# Model Railroaders



## DJGurkins (Sep 28, 2014)

Are there any Model Railroaders in this forum? I am just getting into it for the model building and something to do with my Grand daughter. I just bought a cheap DCC starter set and will begin a 4x8 layout real soon.


----------



## Raymond Walters (Oct 1, 2014)

I too enjoy railroading period - modeling and the real thing. I do hope you enjoy your new hobby.


----------



## Tim Caldwell (Oct 12, 2014)

Hello Brother, It's a slippery slope this model railway thing. Before you know it you'll have a loft full of layout.


----------



## okielabrat (Jul 30, 2018)

I also am a model railroader, and like chasing down the real thing to shoot pictures and videos.


----------



## Benjamin Baxter (Aug 4, 2018)

I will follow this. I want to do this with my son when he is a little older.
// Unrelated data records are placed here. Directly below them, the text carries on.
Lemma coercive_le f g : coercive f -> (forall u, f u <= g u) -> coercive g.
Proof.
by move=> [eta [eta_oo eta_le]] fg; exists eta; split => // u; apply: le_trans (fg u).
Qed.

Lemma coercive_has_min f : continuous f -> coercive f ->
  exists us, forall u, f us <= f u.
Proof.
move=> cf [eta [eta_oo eta_le]].
pose A := [set u | f u <= f 0].
have [Y [_ etaY]] := (cvgryPge eta).1 eta_oo (f 0 + 1).
have A_bd u : A u -> `|u| <= Y.
  rewrite /A /= => fu; rewrite leNgt; apply/negP => /etaY etau.
  have := eta_le u; lra.
have cA : compact A.
  apply: bounded_closed_compact.
    exists Y; split; first exact: num_real.
    by move=> y Yy u /A_bd/le_trans; apply; exact: ltW.
  have -> : A = f @^-1` [set r | r <= f 0] by [].
  by apply: (continuous_closedP f).1 => //; exact: closed_le.
have [us _ us_min] := EVT_min_rV (ex_intro _ 0 (lexx _)) cA (continuous_subspaceT cf).
exists us => u; have [Au|nAu] := pselect (A u); first by apply: us_min; rewrite inE.
apply: le_trans (us_min 0 _) _; first by rewrite inE /A /=.
by move: nAu; rewrite /A /= => /negP; rewrite -ltNge => /ltW.
Qed.

Lemma convex_minimax N (h : 'I_N -> 'rV[R]_m -> R) (i0 : 'I_N) :
  (forall i, convex_fun (h i)) -> (forall i, continuous (h i)) -> coercive (h i0) ->
  exists (us : 'rV[R]_m) (J : R) (ps : 'rV[R]_N),
    [/\ simplex ps, forall i, h i us <= J & forall u, J <= \sum_(i < N) ps 0 i * h i u].
Proof.
case: N h i0 => [_ [] //|N h i0] cvh ch coh.
pose M u := \big[Num.max/h i0 u]_i h i u.
have M_ge i u : h i u <= M u by exact: le_bigmax.
have [us us_min] : exists us, forall u, M us <= M u.
  by apply: coercive_has_min; [exact: continuous_bigmax | exact: coercive_le (M_ge i0)].
pose h' k := h (inord k).
have [p [p_ge0 p_sum p_ge]] : exists p : nat -> R, [/\ forall i, 0 <= p i,
    \sum_(i < N.+1) p i = 1 & forall u, setT u -> M us <= \sum_(i < N.+1) p i * h' i u].
  apply: convex_alternative => [//|i|i|u _]; [exact: cvh | exact: ch |].
  have [i hi] : exists i, M us <= h i u.
    by have /bigmax_geP[hi0|[i _ hi]] := us_min u; [exists i0 | exists i].
  by exists i => //; rewrite /h' inord_val.
exists us, (M us), (\row_i p i); split => [|//|u].
- by split=> [j|]; [rewrite mxE | under eq_bigr => i _ do rewrite mxE].
have := p_ge u I; congr (_ <= _); apply: eq_bigr => i _.
by rewrite mxE /h' inord_val.
Qed.

End Minimax.

Lemma row_stochastic_mulmx_itv (R : realType) K (M : 'M[R]_K) (q : 'cV[R]_K) i :
  row_stochastic M -> (forall j, 0 <= q j 0 <= 1) -> 0 <= (M *m q) i 0 <= 1.
Proof.
move=> [M_ge0 M_sum] q01; rewrite mxE; apply/andP; split.
  by apply: sumr_ge0 => j _; apply: mulr_ge0 => //; case/andP: (q01 j).
rewrite -(M_sum i); apply: ler_sum => j _; rewrite ler_piMr //.
by case/andP: (q01 j).
Qed.

Section ConvexComb.
Variables (R : realType) (m : nat) (c : R).
Hypothesis c01 : 0 <= c <= 1.
Implicit Types (f g : 'rV[R]_m -> R).

Lemma convex_fun_comb f g : convex_fun f -> convex_fun g ->
  convex_fun (fun u => c * f u + (1 - c) * g u).
Proof.
move=> cvf cvg u v t t01; case/andP: c01 => c0 c1.
have c1' : 0 <= 1 - c by rewrite subr_ge0.
have := ler_wpM2l c0 (cvf u v t t01); have := ler_wpM2l c1' (cvg u v t t01).
lra.
Qed.

Lemma continuous_comb f g : continuous f -> continuous g ->
  continuous (fun u => c * f u + (1 - c) * g u).
Proof.
move=> cf cg u; have cst k : {for u, continuous (fun=> k : R)} by exact: cst_continuous.
exact: continuousD (continuousM (cst c) (cf u)) (continuousM (cst (1 - c)) (cg u)).
Qed.

Lemma coercive_comb f g : coercive f -> coercive g ->
  coercive (fun u => c * f u + (1 - c) * g u).
Proof.
move=> [ef [ef_oo ef_le]] [eg [eg_oo eg_le]].
exists (fun y => Num.min (ef y) (eg y)); split => [|u].
  apply/cvgryPge => A; near=> y; rewrite le_min; apply/andP; split; near: y.
    exact: (cvgryPge ef).1 ef_oo A.
  exact: (cvgryPge eg).1 eg_oo A.
set e := Num.min _ _.
have [e_ef e_eg] : e <= ef `|u| /\ e <= eg `|u| by rewrite !ge_min !lexx orbT.
apply: le_trans (ge_convex_comb c01 e_ef e_eg) _.
case/andP: c01 => c0 c1; have c1' : 0 <= 1 - c by rewrite subr_ge0.
have := ler_wpM2l c0 (ef_le u); have := ler_wpM2l c1' (eg_le u).
lra.
Unshelve. all: by end_near.
Qed.

End ConvexComb.

Lemma simplex_sum_le (R : realType) N (p : 'rV[R]_N) (a : 'I_N -> R) J :
  simplex p -> (forall i, a i <= J) -> \sum_(i < N) p 0 i * a i <= J.
Proof.
move=> [p_ge0 p_sum] aJ; apply: le_trans (_ : \sum_(i < N) p 0 i * J <= J).
  by apply: ler_sum => i _; exact: ler_wpM2l.
by rewrite -mulr_suml p_sum mul1r.
Qed.

Section Game.
Variables (R : realType) (n m K N : nat).
Variables (F : 'rV[R]_n -> 'rV[R]_m -> 'rV[R]_n)
  (sigma0 : 'rV[R]_n -> 'rV[R]_m -> R) (sigma1 : 'rV[R]_n -> R)
  (g0 : 'I_N -> 'I_K -> R) (P : 'I_N -> 'M[R]_K) (q : 'cV[R]_K).
Variables (x : 'rV[R]_n) (s : 'I_K).

Local Notation h := (hfun F sigma0 sigma1 g0 P q x s).
Local Notation payoff := (payoff F sigma0 sigma1 g0 P q x s).
Local Notation upper_value := (upper_value F sigma0 sigma1 g0 P q x s).
Local Notation lower_value := (lower_value F sigma0 sigma1 g0 P q x s).

Lemma saddle_values J us ps (U : set 'rV[R]_m) :
  simplex ps -> (forall i, h us i <= J) -> (forall u, J <= payoff ps u) -> U us ->
  [/\ upper_value U = J%:E, lower_value U = J%:E &
      saddle_point F sigma0 sigma1 g0 P q x s us ps].
Proof.
move=> ps_simplex hJ Jp Uus.
have pJ p : simplex p -> payoff p us <= J by move/simplex_sum_le; exact.
split.
- apply/eqP; rewrite eq_le; apply/andP; split.
    apply: ge_ereal_inf; exists (ereal_sup [set (payoff p us)%:E | p in simplex (N:=N)]).
      by exists us.
    by apply: ge_ereal_sup => _ [p p_simplex <-]; rewrite lee_fin; exact: pJ.
  apply: le_ereal_inf_tmp => _ [u Uu <-].
  by apply: le_ereal_sup_tmp; exists (payoff ps u)%:E; [exists ps | rewrite lee_fin].
- apply/eqP; rewrite eq_le; apply/andP; split.
    apply: ge_ereal_sup => _ [p p_simplex <-].
    apply: ge_ereal_inf; exists (payoff p us)%:E; first by exists us.
    by rewrite lee_fin; exact: pJ.
  apply: le_ereal_sup_tmp; exists (ereal_inf [set (payoff ps u)%:E | u in U]).
    by exists ps.
  by apply: le_ereal_inf_tmp => _ [u Uu <-]; rewrite lee_fin.
- split=> // u p p_simplex; apply/andP; split.
    exact: le_trans (pJ p p_simplex) (Jp us).
  exact: le_trans (pJ ps ps_simplex) (Jp u).
Qed.

Lemma game_saddle : (0 < N)%N ->
  (forall a, row_stochastic (P a)) -> (forall i, 0 <= q i 0 <= 1) ->
  (forall a : 'I_N,
     let f0 := fun u => Sigma sigma0 sigma1 g0 x s (F x 0) u a in
     let f1 := fun u => Sigma sigma0 sigma1 g0 x s (F x u) u a in
     [/\ continuous f0, coercive f0 & convex_fun f0] /\
     [/\ continuous f1, coercive f1 & convex_fun f1]) ->
  exists us (J : R) (ps : 'rV[R]_N),
    [/\ simplex ps, forall i, h us i <= J & forall u, J <= payoff ps u].
Proof.
move=> N_gt0 P_stoch q01 hf.
have c01 i := row_stochastic_mulmx_itv s (P_stoch i) q01.
apply: (@convex_minimax R m N (fun i u => h u i) (Ordinal N_gt0)).
- by move=> i; case: (hf i) => -[_ _ ?] [_ _ ?]; exact: convex_fun_comb.
- by move=> i; case: (hf i) => -[? _ _] [? _ _]; exact: continuous_comb.
- by case: (hf (Ordinal N_gt0)) => -[_ ? _] [_ ? _]; exact: coercive_comb.
Qed.

End Game.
Sent from my iPhone using My Freemasonry Mobile


----------



## darsehole (Aug 4, 2018)

We were at Supertrains this year, which is Canada’s largest model railroad event. 

You would be AMAZED at the amount of brothers that model railroad. 


Sent from my iPhone using My Freemasonry mobile app


----------



## Benjamin Baxter (Aug 5, 2018)

What is easiest scale to get ahold of? Ho?


Sent from my iPhone using My Freemasonry Mobile


----------



## okielabrat (Aug 6, 2018)

HO scale has the most equipment available, from track to locomotives to rolling stock, buildings, etc. N scale is second-most. 

I see you're in Texas, and since I don't know how far you are from the Dallas-Ft. Worth Metroplex, I would suggest a visit to the fall train show over in Plano. I don't have the information with me right now, but I could find it & shoot it to you if you like.


----------